The Kent State Creative Arts Festival was created as a reaction against the Kent State shootings, which is often cited as the formative impetus for Devo. The band's first public performance had been at the festival the year prior, and their performance at the festival in 1974 was one of their earliest, featuring the line-up of Bob Lewis, Mark Mothersbaugh, Jim Mothersbaugh, and the Casale brothers. 


The Michael Myers bee linocut which graces this and several of the other broadsides was created in San Francisco and brought to Kent, where the broadsides were printed. Zephyrus Image were probably involved in the event due to the agency of Ed Dorn, who was on faculty at the time. The pairing of Myers' delicate and inimitable linocut work with the quirky pathos of Devo is sublime. The text instructs the viewer to supply their own waltz rhythm as the piece is read, making it a DIY performance piece - a broadside where you, the reader, are the band. 
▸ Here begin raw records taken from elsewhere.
Definition cont_on {n : nat} {Om : Rn n -> Prop} (u : Pt n Om -> R) : Prop :=
  forall x eps, 0 < eps -> exists del, 0 < del /\
    forall y : Pt n Om, (forall i, Rabs (proj1_sig y i - proj1_sig x i) < del) ->
      Rabs (u y - u x) < eps.

Record CO (n : nat) (Om : Rn n -> Prop) := mkCO {
  cfun :> Pt n Om -> R;
  cfun_cont : cont_on cfun }.
Arguments cfun {n Om}.

(* r in (0, +oo] : None stands for +oo *)
Definition below (r : option R) (t : R) : Prop :=
  match r with Some r' => t < r' | None => True end.

(* Total Riemann integral (0 if not integrable; oriented as in Stdlib). *)
Definition Rint (g : R -> R) (a b : R) : R :=
  match excluded_middle_informative (inhabited (Riemann_integrable g a b)) with
  | left H => RiemannInt (epsilon H (fun _ => True))
  | right _ => 0
  end.

(* The unique sigma >= 0 with int_{-sigma}^0 g = d (0 if no such sigma). *)
Definition tauhat_gen (g : R -> R) (d : R) : R :=
  match excluded_middle_informative (exists s, 0 <= s /\ Rint g (- s) 0 = d) with
  | left H => proj1_sig (constructive_indefinite_description _ H)
  | right _ => 0
  end.

Definition shift {X : Type} (A : R -> X) (t : R) : R -> X := fun th => A (t + th).

Definition tau_hat {n Om} (f : CO n Om -> CO n Om) (psi : R -> CO n Om)
  (delta : Pt n Om -> R) (x : Pt n Om) : R :=
  tauhat_gen (fun s => f (psi s) x) (delta x).

Definition delta0 {n Om} (f : CO n Om -> CO n Om) (phi : R -> CO n Om)
  (tau0 : Pt n Om -> R) (x : Pt n Om) : R :=
  Rint (fun s => f (phi s) x) (- tau0 x) 0.

Definition f_lipschitz {n Om} (f : CO n Om -> CO n Om) : Prop :=
  exists Lf, 0 <= Lf /\ forall (u v : CO n Om) c,
    (forall y, Rabs (u y - v y) <= c) -> forall x, Rabs (f u x - f v x) <= Lf * c.
Definition f_bounded_pos {n Om} (f : CO n Om -> CO n Om) : Prop :=
  exists Mf, forall (u : CO n Om) x, 0 < f u x /\ f u x <= Mf.
Definition f_nonincreasing {n Om} (f : CO n Om -> CO n Om) : Prop :=
  forall (u v : CO n Om), (forall y, u y <= v y) -> forall x, f v x <= f u x.

Definition cont_into_CO {n Om} (dom : R -> Prop) (A : R -> CO n Om) : Prop :=
  forall t, dom t -> forall eps, 0 < eps -> exists del, 0 < del /\
    forall s, dom s -> Rabs (s - t) < del -> forall x, Rabs (A s x - A t x) <= eps.
(* Let $n$ be even and let $N$ be a $5$-net of order $n$ with parallel classes $\Pi_0,\dots,\Pi_4$ and a relation $\mathcal R$ of type $(\lambda_0,\dots,\lambda_4)$. Put $g_i=\frac n2-\lambda_i$. Then for every $\mathbf b=(b_0,\dots,b_4)\in\{0,1\}^5$ with an even number of ones, $$t_{\mathbf b}=\frac1{16}n^2+\frac18 n\sum_{i=0}^{4}(-1)^{b_i}g_i+\frac14\sum_{0\le i<j\le 4}(-1)^{b_i+b_j}g_ig_j .$$
   Context: A $k$-net of order $n$ is a set $P$ of $n^2$ points together with a set $L$ of $kn$ lines (subsets of $P$), each line containing $n$ points and each point lying on $k$ lines, such that $L$ partitions into $k$ parallel classes $\Pi_0,\dots,\Pi_{k-1}$ of $n$ pairwise disjoint lines each, and any two lines from different parallel classes meet in exactly one point. A relation on a net is a set $\mathcal R\subseteq L$ such that every point lies on an even number of lines of $\mathcal R$. Its type is $(\lambda_0,\dots,\lambda_{k-1})$ with $\lambda_i=|\mathcal R\cap\Pi_i|$. The type of a point $p$ is the binary string $\mathbf b\in\{0,1\}^k$ with $b_i=1$ iff the line of $\Pi_i$ through $p$ lies in $\mathcal R$; $t_{\mathbf b}$ is the number of points of type $\mathbf b$. *)

From mathcomp Require Import all_boot all_order all_algebra.
Set Implicit Arguments. Unset Strict Implicit. Unset Printing Implicit Defensive.
Import GRing.Theory Num.Theory.

(* A k-net of order n: points = the finite type P, lines = the set L of
   subsets of P, and cls assigns to each line its parallel class (0..k-1). *)
Definition is_net (k n : nat) (P : finType) (L : {set {set P}})
    (cls : {set P} -> 'I_k) : Prop :=
  [/\ #|P| = n ^ 2,
      #|L| = k * n,
      (forall l, l \in L -> #|l| = n),
      (forall p : P, #|[set l in L | p \in l]| = k) &
      (forall i : 'I_k, #|[set l in L | cls l == i]| = n)] /\
  [/\
      (forall l1 l2, l1 \in L -> l2 \in L -> cls l1 = cls l2 -> l1 != l2 ->
          [disjoint l1 & l2])
    & (forall l1 l2, l1 \in L -> l2 \in L -> cls l1 != cls l2 ->
          #|l1 :&: l2| = 1)].

Definition is_relation (P : finType) (L R : {set {set P}}) : Prop :=
  R \subset L /\ (forall p : P, ~~ odd #|[set l in R | p \in l]|).

Definition rel_type k (P : finType) (R : {set {set P}}) (cls : {set P} -> 'I_k)
    (i : 'I_k) : nat := #|[set l in R | cls l == i]|.

Definition point_type k (P : finType) (L R : {set {set P}})
    (cls : {set P} -> 'I_k) (p : P) (i : 'I_k) : bool :=
  [exists l in L, [&& cls l == i, p \in l & l \in R]].

Definition t_count k (P : finType) (L R : {set {set P}})
    (cls : {set P} -> 'I_k) (b : 'I_k -> bool) : nat :=
  #|[set p : P | [forall i, point_type L R cls p i == b i]]|.

From mathcomp Require Import all_boot all_order all_algebra.
From mathcomp Require Import ring.
(* Write s_i(p) = (-1)^(b_i(p)). A point lies on an even number of lines of the
   relation, so its type has even weight; on even words of length 5 the characters
   of weight k and 5 - k agree, so the indicator of the word b is
   (1 + sum_i (-1)^b_i s_i + sum_{i<j} (-1)^(b_i+b_j) s_i s_j) / 16.
   Summing over the points, sum_p s_i(p) = n (n - 2 lambda_i) since each line
   carries n points, and sum_p s_i(p) s_j(p) = (n - 2 lambda_i)(n - 2 lambda_j)
   for i <> j since lines of different classes meet in exactly one point. *)

Set Implicit Arguments. Unset Strict Implicit. Unset Printing Implicit Defensive.
Import GRing.Theory Num.Theory.

Section NetSums.

Variables (k n : nat) (P : finType) (L R : {set {set P}}) (cls : {set P} -> 'I_k).
Hypothesis RL : R \subset L.
Hypothesis parallel_disjoint : forall l1 l2, l1 \in L -> l2 \in L ->
  cls l1 = cls l2 -> l1 != l2 -> [disjoint l1 & l2].
Hypothesis transversal_meet : forall l1 l2, l1 \in L -> l2 \in L ->
  cls l1 != cls l2 -> #|l1 :&: l2| = 1.
Hypothesis card_line : forall l, l \in L -> #|l| = n.

Local Notation u := (point_type L R cls).
Local Notation lambda := (rel_type R cls).

Lemma sum_mem (l : {set P}) : \sum_(p : P) (p \in l : nat) = #|l|.
Proof. by rewrite -sum1_card [RHS]big_mkcond; apply: eq_bigr => p _; case: (p \in l). Qed.

Lemma sum1_rel_type i : \sum_(l in R | cls l == i) 1 = lambda i.
Proof. by rewrite sum1_card; apply: eq_card => l; rewrite inE. Qed.

Lemma point_type_sum p i : (u p i : nat) = \sum_(l in R | cls l == i) (p \in l : nat).
Proof.
have [/existsP[l /andP[lL /and3P[/eqP li pl lR]]] | upi] := boolP (u p i).
  rewrite (bigD1 l) /=; last by rewrite lR li eqxx.
  rewrite pl big1 // => m /andP[/andP[mR /eqP mi] ml].
  have lm : [disjoint l & m].
    by apply: parallel_disjoint; rewrite ?(subsetP RL) // ?li ?mi // eq_sym.
  by rewrite (disjointFr lm pl).
apply/esym/big1 => m /andP[mR mi]; case pm: (p \in m) => //.
by case/negP: upi; apply/existsP; exists m; rewrite (subsetP RL) // mi pm mR.
Qed.

Lemma sum_point_type_over_classes p :
  \sum_(i < k) (u p i : nat) = #|[set l in R | p \in l]|.
Proof.
under eq_bigr do rewrite point_type_sum.
rewrite -(partition_big cls xpredT) // -sum1_card big_mkcond [RHS]big_mkcond /=.
by apply: eq_bigr => l _; rewrite inE; case: (l \in R); case: (p \in l).
Qed.

Lemma sum_point_type_over_points i : \sum_(p : P) (u p i : nat) = lambda i * n.
Proof.
under eq_bigr do rewrite point_type_sum.
rewrite exchange_big /= -sum1_rel_type big_distrl /=.
by apply: eq_bigr => l /andP[lR _]; rewrite sum_mem card_line ?mul1n ?(subsetP RL).
Qed.

Lemma sum_point_type_mul_over_points i j : i != j ->
  \sum_(p : P) (u p i * u p j) = lambda i * lambda j.
Proof.
move=> ij; under eq_bigr do rewrite !point_type_sum big_distrl /=.
rewrite exchange_big /= -sum1_rel_type big_distrl /=.
apply: eq_bigr => l /andP[lR /eqP li]; rewrite -sum1_rel_type mul1n.
under eq_bigr do rewrite big_distrr /=.
rewrite exchange_big /=; apply: eq_bigr => m /andP[mR /eqP mj].
rewrite -(transversal_meet (subsetP RL l lR) (subsetP RL m mR)); last by rewrite li mj.
by rewrite -sum_mem; apply: eq_bigr => p _; rewrite inE; case: (p \in l); case: (p \in m).
Qed.

Hypothesis card_points : #|P| = (n ^ 2)%N.

Local Open Scope ring_scope.

Lemma sum_sign_point_type (A : comRingType) i :
  \sum_(p : P) (-1) ^+ u p i = n%:R * (n%:R - 2 * (lambda i)%:R) :> A.
Proof.
under eq_bigr do rewrite signrE -mul2n natrM.
rewrite sumrB sumr_const card_points -mulr_sumr -natr_sum sum_point_type_over_points.
by rewrite natrM natrX; ring.
Qed.

Lemma sum_sign_point_type_mul (A : comRingType) i j : i != j ->
  \sum_(p : P) (-1) ^+ u p i * (-1) ^+ u p j =
    (n%:R - 2 * (lambda i)%:R) * (n%:R - 2 * (lambda j)%:R) :> A.
Proof.
move=> ij.
have expand p : (-1) ^+ u p i * (-1) ^+ u p j =
    1 - 2 * (u p i : nat)%:R - 2 * (u p j : nat)%:R + 4 * (u p i * u p j)%:R :> A.
  by rewrite !signrE -!mul2n !natrM; ring.
under eq_bigr do rewrite expand.
rewrite !big_split /= !sumrN sumr_const card_points -!mulr_sumr -!natr_sum.
by rewrite !sum_point_type_over_points sum_point_type_mul_over_points // !natrM; ring.
Qed.

End NetSums.

Lemma odd_sum_addb (I : finType) (x y : I -> bool) :
  odd (\sum_i (x i (+) y i : nat)) = odd (\sum_i (x i : nat)) (+) odd (\sum_i (y i : nat)).
Proof.
rewrite !(big_morph odd oddD (erefl : odd 0 = false)) -big_split /=.
by apply: eq_bigr => i _; rewrite !oddb.
Qed.

Local Open Scope ring_scope.

Lemma indicator_even_weight5 (A : comRingType) (x : 'I_5 -> bool) :
  ~~ odd (\sum_(i < 5) (x i : nat)) ->
  16 * ([forall i, ~~ x i] : nat)%:R =
    1 + \sum_(i < 5) (-1) ^+ x i
      + \sum_(i < 5) \sum_(j < 5 | (i < j)%N) (-1) ^+ x i * (-1) ^+ x j :> A.
Proof.
have -> : [forall i, ~~ x i] = (\sum_(i < 5) (x i : nat) == 0)%N.
  by rewrite sum_nat_eq0; apply: eq_forallb => i; case: (x i).
rewrite !big_ord_recl !big_ord0 !(big_mkcond (fun j => (_ < nat_of_ord j)%N)) /=.
rewrite !big_ord_recl !big_ord0 /=.
move: (x _) (x _) (x _) (x _) (x _) => [] [] [] [] [] //= _; ring.
Qed.

Lemma t_count_mul16 (A : comRingType) (n : nat) (P : finType) (L R : {set {set P}})
    (cls : {set P} -> 'I_5) (b : 'I_5 -> bool) :
  is_net n L cls -> is_relation L R -> ~~ odd (\sum_(i < 5) (b i : nat)) ->
  let h i := n%:R - 2 * (rel_type R cls i)%:R : A in
  16 * (t_count L R cls b)%:R =
    n%:R ^+ 2 + n%:R * \sum_(i < 5) (-1) ^+ b i * h i
    + \sum_(i < 5) \sum_(j < 5 | (i < j)%N) (-1) ^+ (b i + b j) * h i * h j.
Proof.
move=> [[cardP _ card_line _ _] [disj meet]] [RL R_even] b_even h.
set u := point_type L R cls.
have u_even p : ~~ odd (\sum_(i < 5) (u p i (+) b i : nat)).
  by rewrite odd_sum_addb sum_point_type_over_classes // (negbTE (R_even p)) (negbTE b_even).
have t_countE : t_count L R cls b = \sum_p ([forall i, ~~ (u p i (+) b i)] : nat).
  rewrite /t_count -sum1_card big_mkcond; apply: eq_bigr => p _; rewrite inE.
  rewrite (eq_forallb (P2 := fun i => ~~ (u p i (+) b i))) // => i.
  by rewrite /u; case: (point_type _ _ _ p i); case: (b i).
rewrite t_countE natr_sum mulr_sumr.
under eq_bigr do rewrite indicator_even_weight5 //.
rewrite !big_split /= sumr_const cardP natrX.
congr (_ + _ + _).
  rewrite exchange_big mulr_sumr; apply: eq_bigr => i _.
  under eq_bigr do rewrite signr_addb mulrC.
  rewrite -mulr_sumr (sum_sign_point_type RL disj card_line cardP) /h; ring.
rewrite exchange_big; apply: eq_bigr => i _; rewrite exchange_big; apply: eq_bigr => j ij.
have {}ij : i != j by rewrite neq_ltn ij.
have sign_split p : (-1) ^+ (u p i (+) b i) * (-1) ^+ (u p j (+) b j) =
    (-1) ^+ (b i + b j) * ((-1) ^+ u p i * (-1) ^+ u p j) :> A.
  by rewrite !signr_addb exprD mulrACA mulrC.
under eq_bigr do rewrite sign_split.
rewrite -mulr_sumr (sum_sign_point_type_mul RL disj meet card_line cardP _ ij) /h.
by rewrite mulrA.
Qed.

Theorem mainTheorem2 (n : nat) (P : finType) (L R : {set {set P}})
    (cls : {set P} -> 'I_5) (b : 'I_5 -> bool) :
  ~~ odd n ->
  is_net n L cls ->
  is_relation L R ->
  ~~ odd (\sum_(i < 5) (b i : nat))%N ->
  let g := fun i : 'I_5 => (n%:R / 2 - (rel_type R cls i)%:R : rat) in
  (t_count L R cls b)%:R =
    (n%:R ^+ 2) / 16
    + n%:R / 8 * \sum_(i < 5) (-1) ^+ b i * g i
    + 1 / 4 * \sum_(i < 5) \sum_(j < 5 | (i < j)%N)
                 (-1) ^+ (b i + b j)%N * g i * g j.
Proof.
move=> _ net rel b_even g; apply: (@mulfI _ 16) => //.
rewrite (t_count_mul16 _ net rel b_even) /=.
have h_g i : n%:R - 2 * (rel_type R cls i)%:R = 2 * g i by rewrite /g; field.
have lin : \sum_(i < 5) (-1) ^+ b i * (n%:R - 2 * (rel_type R cls i)%:R) =
    2 * \sum_(i < 5) (-1) ^+ b i * g i.
  by rewrite mulr_sumr; apply: eq_bigr => i _; rewrite h_g mulrCA.
have quad : \sum_(i < 5) \sum_(j < 5 | (i < j)%N) (-1) ^+ (b i + b j) *
      (n%:R - 2 * (rel_type R cls i)%:R) * (n%:R - 2 * (rel_type R cls j)%:R) =
    4 * \sum_(i < 5) \sum_(j < 5 | (i < j)%N) (-1) ^+ (b i + b j) * g i * g j.
  rewrite mulr_sumr; apply: eq_bigr => i _; rewrite mulr_sumr; apply: eq_bigr => j _.
  by rewrite !h_g; ring.
by rewrite lin quad; field.
Qed.
(* Let $G$ be a finite permutation group on a set $\Omega$ and let $A$ be an abelian regular subgroup of $G$ which is a maximal subgroup of $G$ and satisfies $N_G(A)=A$. Fix a point $1\in\Omega$, let $G_1$ be its stabilizer, for $s\in G$ let $G_s=s^{-1}G_1s$ denote the stabilizer of the point $1^s$, and let $N=\bigcap_{g\in G}A^g$ be the core of $A$ in $G$. Then there exist a prime $p$ and subgroups $Q\neq 1$ and $S\neq 1$ of $G$ such that: (1) $A/N$ is cyclic of order coprime to $p$; (2) $G_1$ is an elementary abelian $p$-group; (3) $G/N\cong (G_1N/N)\rtimes(A/N)$, and $G/N$ acts faithfully as an affine primitive group on the right cosets of $A$ in $G$; (4) $N=Z(G)=Q\times C_S(G_1)$; (5) $G=(G_1\times Q)\rtimes S$; (6) $A=Q\times S$; (7) $G_1\times Q$ is the unique Sylow $p$-subgroup of $G$; (8) $N_G(G_1)=C_G(G_1)=G_1\times N$; (9) for all $s,s'\in G\setminus N_G(G_1)$ we have $G_1G_s=G_1G_{s'}$.
   Context: All groups are finite. A subgroup $A$ of a permutation group $G$ on $\Omega$ is regular if it acts transitively on $\Omega$ with trivial point-stabilizers. $Z(G)$ is the center, $C_X(Y)$ the centralizer and $N_X(Y)$ the normalizer of $Y$ in $X$. *)

From mathcomp Require Import all_boot all_fingroup all_solvable.
Set Implicit Arguments. Unset Strict Implicit. Unset Printing Implicit Defensive.

From mathcomp Require Import all_boot all_fingroup all_solvable.
From mathcomp Require Import zmodp mxrepresentation mxabelem.
Set Implicit Arguments. Unset Strict Implicit. Unset Printing Implicit Defensive.
Import GroupScope.

(* Let A be an abelian, regular, maximal and self-normalizing subgroup of the
   permutation group G, G1 the stabilizer of a point x0 and N = Z(G).
   1. Regularity gives G = G1 A with G1 :&: A = 1, and G1 is core-free.
   2. For an abelian maximal self-normalizing A, the centralizer in G of any
      a in A :\: Z(G) is A; hence A :\: Z(G) is a TI-set with normalizer A and
      the core of A in G is Z(G).
   3. Counting the conjugates of A :\: Z(G) shows that K = G1 Z(G) is normal,
      so G/N = (K/N) ><| (A/N), with A/N acting semiregularly on K/N.
   4. A general study of such "affine" semidirect products (complement
      maximal, abelian and acting semiregularly) shows that the kernel is
      elementary abelian, the complement cyclic, and the action on the cosets
      of the complement faithful, primitive and regular on the kernel.
   5. With p the prime of G1, the p-part Q of A is central, P = G1 x Q is the
      normal Sylow p-subgroup and P ><| S = G for S the p'-part of A.
   6. For a in A :\: Z(G), the commutator map g |-> [g, a] is a bijection from
      G1 onto W = [P, S]; this yields N_G(G1) = G1 Z(G) (otherwise W = G1
      would be normal) and G1 G1^s = G1 W for every s outside N_G(G1). *)

Section RegularSubgroup.

Variables (T : finType) (G A : {group {perm T}}) (x0 : T).
Hypotheses (sAG : A \subset G) (trA : [transitive A, on [set: T] | 'P])
           (regA : forall x : T, 'C_A[x | 'P] = 1).

Lemma stabJ x g : g \in G -> 'C_G[x | 'P] :^ g = 'C_G[aperm x g | 'P].
Proof. by move=> Gg; rewrite conjIg conjGid // astab1_act. Qed.

Lemma stab_regular_TI x : 'C_G[x | 'P] :&: A = 1.
Proof. by apply/trivgP; rewrite -(regA x) /= setIC setIS ?subsetIr. Qed.

Lemma stab_regular_mul : 'C_G[x0 | 'P] * A = G.
Proof.
apply/eqP; rewrite eqEsubset mul_subG ?subsetIl //=; apply/subsetP=> g Gg.
have [a Aa xga] := atransP2 trA (in_setT x0) (in_setT (aperm x0 g)).
have Ga := subsetP sAG a Aa.
rewrite -(mulgKV a g) mem_mulg // inE groupM ?groupV //=.
apply/astab1P; rewrite /= apermE permM -(apermE x0 g) xga /=.
by rewrite apermE -permM mulgV perm1.
Qed.

(* A normal subgroup of G fixing one point fixes all of them. *)
Lemma stab_corefree (H : {group {perm T}}) :
  H \subset 'C_G[x0 | 'P] -> G \subset 'N(H) -> H :=: 1.
Proof.
move=> sHG1 nHG; apply/trivgP/subsetP => h Hh; rewrite inE; apply/eqP/permP => y.
have [a Aa ->] := atransP2 trA (in_setT x0) (in_setT y).
have Ga := subsetP sAG a Aa.
have sHGa : H \subset 'C_G[aperm x0 a | 'P].
  by rewrite -stabJ // -(normsP nHG a Ga) conjSg.
have /setIP[_ /astab1P] := subsetP sHGa h Hh.
by rewrite perm1 /= apermE.
Qed.

End RegularSubgroup.

Section MaximalAbelian.

Variables (gT : finGroupType) (G A : {group gT}).
Hypotheses (abA : abelian A) (maxA : maximal A G) (selfnA : 'N_G(A) = A).

Let sAG : A \subset G. Proof. exact: proper_sub (maxgroupp maxA). Qed.
Let nZG : G \subset 'N('Z(G)). Proof. exact: normal_norm (center_normal G). Qed.

Lemma maximal_overgroup (H : {group gT}) :
  A \subset H -> H \subset G -> H :=: A \/ H :=: G.
Proof.
move=> sAH sHG; have [-> | prHG] := eqVproper sHG; [by right | left].
by case/maxgroupP: maxA => _ /(_ H prHG sAH).
Qed.

Lemma maximal_abelian_not_normal : ~~ (G \subset 'N(A)).
Proof.
apply: contraTN (maxgroupp maxA) => nAG.
by rewrite -selfnA (setIidPl nAG) properE subxx.
Qed.

(* Z(G) A is a subgroup normalizing A, hence equal to A by maximality. *)
Lemma center_sub_maximal_abelian : 'Z(G) \subset A.
Proof.
have sAY : A \subset 'Z(G) <*> A := joing_subr _ _.
have sYG : 'Z(G) <*> A \subset G by rewrite join_subG center_sub.
have [<- | defY] := maximal_overgroup sAY sYG; first exact: joing_subl.
case/negP: maximal_abelian_not_normal; rewrite -defY join_subG normG andbT.
exact: subset_trans (subset_trans (subsetIr G _) (centS sAG)) (cent_sub A).
Qed.

Lemma cent1_noncentral a : a \in A -> a \notin 'Z(G) -> 'C_G[a] = A.
Proof.
move=> Aa nZa; have sAC : A \subset 'C_G[a].
  by rewrite subsetI sAG sub_cent1 (subsetP abA).
have [// | defC] := maximal_overgroup sAC (subsetIl _ _).
case/negP: nZa; rewrite inE (subsetP sAG) //=.
by rewrite -sub_cent1 -defC subsetIr.
Qed.

Lemma conj_noncentral a g :
  a \in A -> a \notin 'Z(G) -> g \in G -> a ^ g \in A -> g \in A.
Proof.
move=> Aa nZa Gg Aag; rewrite -selfnA inE Gg; apply/normP.
have nZag : a ^ g \notin 'Z(G) by rewrite memJ_norm // (subsetP nZG).
rewrite -{1}(cent1_noncentral Aa nZa) -(cent1_noncentral Aag nZag).
by rewrite cent1J conjIg conjGid.
Qed.

Lemma gcore_maximal_abelian : gcore A G = 'Z(G).
Proof.
apply/eqP; rewrite eqEsubset sub_gcore ?center_sub_maximal_abelian // andbT.
apply/subsetP => n Nn; apply: contraR maximal_abelian_not_normal => nZn.
have sNA := gcore_sub A G; have nNG := gcore_norm A G.
apply/subsetP => g Gg; rewrite (subsetP (normG A)) //.
rewrite (conj_noncentral (subsetP sNA n Nn) nZn Gg) //.
by rewrite (subsetP sNA) // memJ_norm // (subsetP nNG).
Qed.

Lemma maximal_abelian_normedTI : normedTI (A :\: 'Z(G)) G A.
Proof.
apply/normedTI_memJ_P; split => //.
  apply: contraNneq maximal_abelian_not_normal => /eqP; rewrite setD_eq0 => sAZ.
  have -> : A :=: 'Z(G) by apply/eqP; rewrite eqEsubset sAZ center_sub_maximal_abelian.
  exact: nZG.
move=> a g /setDP[Aa nZa] Gg; apply/idP/idP => [/setDP[Aag _] | Ag].
  exact: conj_noncentral Aa nZa Gg Aag.
rewrite inE memJ_norm ?(subsetP nZG) // nZa /= memJ_norm //.
by rewrite (subsetP (cent_sub A)) // (subsetP abA).
Qed.
Theorem proposition7p1 (K : closedFieldType) (hK : [pchar K] =i pred0)
  (n : nat) (hn : (2 <= n)%N) (p d : sc K n) :
  regular_q_cycle p d ->
  (forall one : 'I_n, val one = 1%N -> p one one one = 0) ->
  p = d ->
  (forall i zero one : 'I_n, val zero = 0%N -> val one = 1%N ->
     p i zero one = (val i == 1%N)%:R) ->
  (forall j one : 'I_n, val one = 1%N -> (0 < val j)%N -> p one j one = 0) ->
  forall i one : 'I_n, val one = 1%N -> p i one one = 0.
Proof.
(* p_111 = 0 is the case j = 1 of the last hypothesis. *)
move=> p_cycle _ pd; subst d => p_a01 p_1j1 i one one1.
have [[p_morph _] _] := p_cycle.
have n_gt0 : (0 < n)%N := ltnW hn.
rewrite -(sc_natE p) one1.
apply: (q_i11_eq0 hn (coalg_morph_counit_nat p_morph) (coalg_morph_comul_nat p_morph)) => //.
- by move=> x y z xn yn zn; apply: regular_q_cycle_coefE.
- by move=> a an; rewrite (sc_nat_ord p an n_gt0 hn) p_a01.
- by move=> j /andP[j_gt0 jn]; rewrite (sc_nat_ord p hn jn hn) p_1j1.
Qed.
The portfolio also contains broadsides by Jennifer Dunbar, Ines Brolaski, Joanne Kyger, Barbara Einzig, Ed Dorn (2), Joel Oppenheimer, and Samuel Fuller. All are beautiful, especially those by Dorn, where each line of the work is typeset in a different font, and film-maker Samuel Fuller, who contributes a haunting text on the relationship between between typography and cinema which begins, "The language of type moves with flesh today." The text is overlayed onto a photograph of someone pushing a lawnmower (Johnston identifies the figure as Bing Crosby).


Samuel Fuller

In the past I've often been dismissive of fine printing, thinking that it couldn't match the immediacy of mimeograph or xerox. After the recent exhibition we did on the Zephyrus Image, and after spending time with Alastair Johnston's excellent bibliography of the press, I've had to revise my opinion. Myers and Teter were masters of their craft, but were able to employ it to react with quickness and humor to the political and social events of their day, and in the case of this portfolio, were even able to take the show on the road. Were Michael Myers and Holbrook Teter the first punks of letterpress?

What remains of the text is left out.